Darrow's passion, intelligence, and sophistication aside, his own autobiography reveals him as a sad, unfulfilled, angry, and unresolved man hiding behind the role of truth’s defender. He was unconsciously heartbroken over and subsequently furious at his mother for abandoning him through death. She died when he was only fourteen, and he never acknowledged, much less grieved, the impact of this devastating trauma. To protect his feelings he painted a vague and transparently idealized portrait of her to himself. And he never even came close to exploring the parental neglect inherent in being but one of eight brothers and sisters. Instead he joked about being against birth control, noting that had his parents practiced it he would have been deprived of his existence – a sad, twisted truth which belies his own inner pain, not to mention rage, at his parents’ irresponsibility…which he himself repeated through fathering a son to whom he devoted himself only half-heartedly at best.

 

Instead of taking true steps toward resolving his childhood wounds he attempted to bypass this process by defending others deemed criminals in court, many of whom themselves had unconsciously acted out their own repressed childhood feelings, some even through murder. Darrow felt their plight poignantly and defended them passionately and eloquently because his highly spirited soul had no other way of giving voice to his own repressed childhood feelings which were criminal from the point of view of the family system. When in a system that cannot tolerate overwhelming sadness, not to mention fury or open blame of the parents, anyone who dares to feel these feelings and express them honestly risks total alienation – the alienation only a hated criminal knows. And no fourteen year old can risk that. Few of any age can.

 

But in one sense Darrow’s career is defensible: criminals deserve a defense. In court they rank lowest on the totem pole, and like honest children imprisoned in a dishonest family their lives and fates have fallen literally into the hands of strangers.

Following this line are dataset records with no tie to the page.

(* Let $M$ be a matroid on a finite set $E$ with $r(M)>0$. If $M$ is a unique expansion matroid, then $M$ is a union minimal matroid.
   Context: For a matroid $M=(E,\mathcal{I})$: $\mathcal{I}(M)$ its independent sets, $\mathcal{B}(M)$ its bases, $r(M)$ the size of a base, $\cup\mathcal{B}(M)$ the union of all bases. For $r(M)>0$, $s(M)=\{A\in\mathcal{I}(M): |A|=r(M)-1\}$. $M$ is a unique expansion matroid if for every $B\in\mathcal{B}(M)$ and every $A\in s(M)$, whenever $e_1,e_2\in B$ satisfy $A\cup\{e_1\}\in\mathcal{B}(M)$ and $A\cup\{e_2\}\in\mathcal{B}(M)$, then $e_1=e_2$. $M$ is union minimal if for every matroid $M_1$ on $E$ with $\cup\mathcal{B}(M_1)=\cup\mathcal{B}(M)$ and $\mathcal{B}(M_1)\subseteq\mathcal{B}(M)$ we have $\mathcal{B}(M_1)=\mathcal{B}(M)$. *)

From mathcomp Require Import all_boot.
Set Implicit Arguments. Unset Strict Implicit. Unset Printing Implicit Defensive.

Section Matroids.
Variable E : finType.

Definition is_matroid (I : {set {set E}}) : Prop :=
  [/\ set0 \in I,
      (forall A B : {set E}, B \in I -> A \subset B -> A \in I) &
      (forall A B : {set E}, A \in I -> B \in I -> #|A| < #|B| ->
         exists2 x, x \in B :\: A & x |: A \in I)].

Definition bases (I : {set {set E}}) : {set {set E}} :=
  [set B in I | [forall C in I, (B \subset C) ==> (C == B)]].

Definition mrank (I : {set {set E}}) : nat :=
  #|odflt set0 [pick B in bases I]|.

Definition sM (I : {set {set E}}) : {set {set E}} :=
  [set A in I | #|A| == (mrank I).-1].

Definition union_bases (I : {set {set E}}) : {set E} :=
  \bigcup_(B in bases I) B.

Definition unique_expansion (I : {set {set E}}) : Prop :=
  forall B A : {set E}, B \in bases I -> A \in sM I ->
  forall e1 e2 : E, e1 \in B -> e2 \in B ->
    e1 |: A \in bases I -> e2 |: A \in bases I -> e1 = e2.

Definition union_minimal (I : {set {set E}}) : Prop :=
  forall I1 : {set {set E}}, is_matroid I1 ->
    union_bases I1 = union_bases I -> bases I1 \subset bases I ->
    bases I1 = bases I.

End Matroids.

(* Fix a base B1 of the smaller matroid I1 and show that every base B of I is
   a base of I1, by induction on |B \ B1|.  For x in B \ B1 put A = B - x; an
   exchange with B1 gives a base y + A of I closer to B1, so by induction
   A is independent in I1.  Since the two families of bases have the same
   union, x lies in a base B2 of I1, and augmenting A from B2 inside I1 yields
   a base e + A of I1.  Now e + A and x + A are both bases of I expanding A by
   elements of the base B2, so unique expansion forces e = x, i.e. B = x + A
   is a base of I1. *)
From mathcomp Require Import all_boot.
Set Implicit Arguments. Unset Strict Implicit. Unset Printing Implicit Defensive.

Lemma card_setD_exchange (T : finType) (B B1 : {set T}) x y :
  x \in B :\: B1 -> y \in B1 -> #|(y |: (B :\ x)) :\: B1|.+1 = #|B :\: B1|.
Proof.
move=> xBB1 yB1; rewrite (cardsD1 x (B :\: B1)) xBB1 add1n; congr _.+1.
apply: eq_card => w; rewrite !inE.
case: (eqVneq w y) => [->|_] /=; first by rewrite yB1 andbF.
by case: (w \in B1); case: (w == x).
Qed.

Section BasesOfMatroid.
Variables (E : finType) (I : {set {set E}}).
Implicit Types (A B C : {set E}).

Lemma bases_indep B : B \in bases I -> B \in I.
Proof. by rewrite inE => /andP[]. Qed.

Lemma base_maximal B C : B \in bases I -> C \in I -> B \subset C -> C = B.
Proof.
rewrite inE => /andP[_ /forallP maxB] IC sBC.
by apply/eqP; have := maxB C; rewrite IC sBC.
Qed.

Lemma union_bases_neq0 : 0 < mrank I -> union_bases I != set0.
Proof.
rewrite /mrank; case: pickP => [B0 bB0 | _]; last by rewrite cards0.
rewrite card_gt0 => /set0Pn[z zB0]; apply/set0Pn; exists z.
by apply/bigcupP; exists B0.
Qed.

Hypothesis matI : is_matroid I.

Lemma indep_subset A B : B \in I -> A \subset B -> A \in I.
Proof. by have [_ hered _] := matI; apply: hered. Qed.

Lemma card_indep_le_base B C : B \in bases I -> C \in I -> #|C| <= #|B|.
Proof.
move=> bB IC; rewrite leqNgt; apply/negP => ltBC.
have [_ _ augment] := matI.
have [x /setDP[_ xNB] IxB] := augment _ _ (bases_indep bB) IC ltBC.
by move: xNB; rewrite -(base_maximal bB IxB (subsetUr _ _)) setU11.
Qed.

Lemma indep_card_base B A : B \in bases I -> A \in I -> #|A| = #|B| ->
  A \in bases I.
Proof.
move=> bB IA cardA; rewrite inE IA; apply/forallP => C; apply/implyP => IC.
apply/implyP => sAC; rewrite eq_sym eqEcard sAC cardA.
exact: card_indep_le_base.
Qed.

Lemma card_base B : B \in bases I -> #|B| = mrank I.
Proof.
move=> bB; rewrite /mrank; case: pickP => [B0 bB0 | /(_ B)]; last by rewrite bB.
by apply/eqP; rewrite eqn_leq !card_indep_le_base ?bases_indep.
Qed.

Lemma base_augment A B : A \in I -> #|A|.+1 = mrank I -> B \in bases I ->
  exists2 y, y \in B :\: A & y |: A \in bases I.
Proof.
move=> IA cardA bB; have [_ _ augment] := matI.
have ltAB : #|A| < #|B| by rewrite (card_base bB) -cardA.
have [y yBA IyA] := augment _ _ IA (bases_indep bB) ltAB.
exists y => //; apply: (indep_card_base bB IyA).
by move: yBA => /setDP[_ yNA]; rewrite cardsU1 yNA add1n cardA (card_base bB).
Qed.

End BasesOfMatroid.

Section UniqueExpansionUnionMinimal.
Variables (E : finType) (I I1 : {set {set E}}).
Hypotheses (matI : is_matroid I) (matI1 : is_matroid I1).
Hypothesis uexpI : unique_expansion I.
Hypothesis union_I1 : union_bases I1 = union_bases I.
Hypothesis sub_bases : bases I1 \subset bases I.
Implicit Types (A B : {set E}).

Lemma mrank_sub B : B \in bases I1 -> mrank I1 = mrank I.
Proof.
move=> bB.
by rewrite -(card_base matI1 bB) (card_base matI (subsetP sub_bases _ bB)).
Qed.

Lemma expansion_sub_base A x : A \in I1 -> #|A|.+1 = mrank I ->
  x |: A \in bases I -> x |: A \in bases I1.
Proof.
move=> I1A cardA bxA.
have [B2 bB2 xB2] : exists2 B2, B2 \in bases I1 & x \in B2.
  have : x \in union_bases I by apply/bigcupP; exists (x |: A); rewrite ?setU11.
  by rewrite -union_I1 => /bigcupP.
have rk1 : #|A|.+1 = mrank I1 by rewrite (mrank_sub bB2).
have [e /setDP[eB2 _] beA] := base_augment matI1 I1A rk1 bB2.
have sMA : A \in sM I.
  by rewrite inE (indep_subset matI (bases_indep bxA) (subsetUr _ _)) -cardA eqxx.
rewrite -(uexpI (subsetP sub_bases _ bB2) sMA eB2 xB2 _ bxA) //.
exact: subsetP sub_bases _ beA.
Qed.

Lemma base_in_sub_bases B1 B : B1 \in bases I1 -> B \in bases I ->
  B \in bases I1.
Proof.
move=> bB1; move: {2}#|B :\: B1| (erefl #|B :\: B1|) => n.
elim: n B => [|n IHn] B cardBB1 bB.
  move/eqP: cardBB1; rewrite cards_eq0 setD_eq0 => sBB1.
  by rewrite -(base_maximal bB (bases_indep (subsetP sub_bases _ bB1)) sBB1).
have [x xBB1] : exists x, x \in B :\: B1 by apply/set0Pn; rewrite -card_gt0 cardBB1.
have xB : x \in B by move: xBB1 => /setDP[].
have IA : B :\ x \in I := indep_subset matI (bases_indep bB) (subD1set B x).
have cardA : #|B :\ x|.+1 = mrank I by rewrite -(card_base matI bB) (cardsD1 x B) xB.
have [y /setDP[yB1 _] byA] :=
  base_augment matI IA cardA (subsetP sub_bases _ bB1).
have byA1 : y |: (B :\ x) \in bases I1.
  by apply: IHn byA; apply/succn_inj; rewrite -cardBB1 card_setD_exchange.
have I1A : B :\ x \in I1 :=
  indep_subset matI1 (bases_indep byA1) (subsetUr _ _).
by rewrite -(setD1K xB); apply: expansion_sub_base; rewrite ?setD1K.
Qed.

End UniqueExpansionUnionMinimal.

Theorem theorem10 (E : finType) (I : {set {set E}}) :
  is_matroid I -> 0 < mrank I -> unique_expansion I -> union_minimal I.
Proof.
move=> matI rkI uexpI I1 matI1 union_I1 sub_bases.
have [B1 bB1] : exists B1, B1 \in bases I1.
  move: (union_bases_neq0 rkI); rewrite -union_I1 => /set0Pn[z /bigcupP[B1 bB1 _]].
  by exists B1.
apply/eqP; rewrite eqEsubset sub_bases; apply/subsetP => B.
exact: base_in_sub_bases bB1.
Qed.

But it is precisely because this arena is metaphorical of the family that Darrow chose it for his home. Metaphor is safe. It protects everyone’s deepest emotional vulnerabilities. The pain of healing is forced on no one, and the worst thing that can befall you, if you are the defendant at least, is life in prison or death – a fate preferable to most than having to face the true pain of childhood traumas, because at least you can face the former two with fantasy on your side.

 

Thus Darrow, blocked by his arrested emotional development, had but a limited ability to be of true service to the world’s downtrodden. The ultimate defense they (and we all) need is not legal, nor financial, political, economic - nor moral. The defense needed is that which can only be offered by those enlightened few who have taken true forward steps toward resolving their own deepest traumas, and thus have stepped beyond the family system and can view it in panoramic perspective.

 

From the stand of their calling, witnesses of enlightenment see the truth amidst the lies and are able to sort out the two quickly, defending the victim from the perpetrator who resides within his or her own personality. The enlightened are not fooled by the meaning of acting out. The enlightened don’t risk their physical lives to keep you out of concrete prisons, or worse yet resort to bribing juries. (In his autobiography Darrow literally bragged about the first yet couldn’t quite cop to the second, which “the experts” say he probably did.) The enlightened instead offer you the potential of something far greater: a template for the key to psychic emancipation. The enlightened do not defend you to external judges or juries, because they know that you, the human being with ultimate control of your fate, are the only one with the potential to be a truly fair and impartial parent toward yourself. And the enlightened do not defend you merely in light of the laws set down by society, that blind super-agent of the family. The enlightened are lawyers of life’s deeper laws, those of true emotional maturity, with codes for respect, boundaries, compassion, and patience.

 

As such the enlightened have a value greater than a thousand Clarence Darrows. His passion was misplaced. Theirs is not.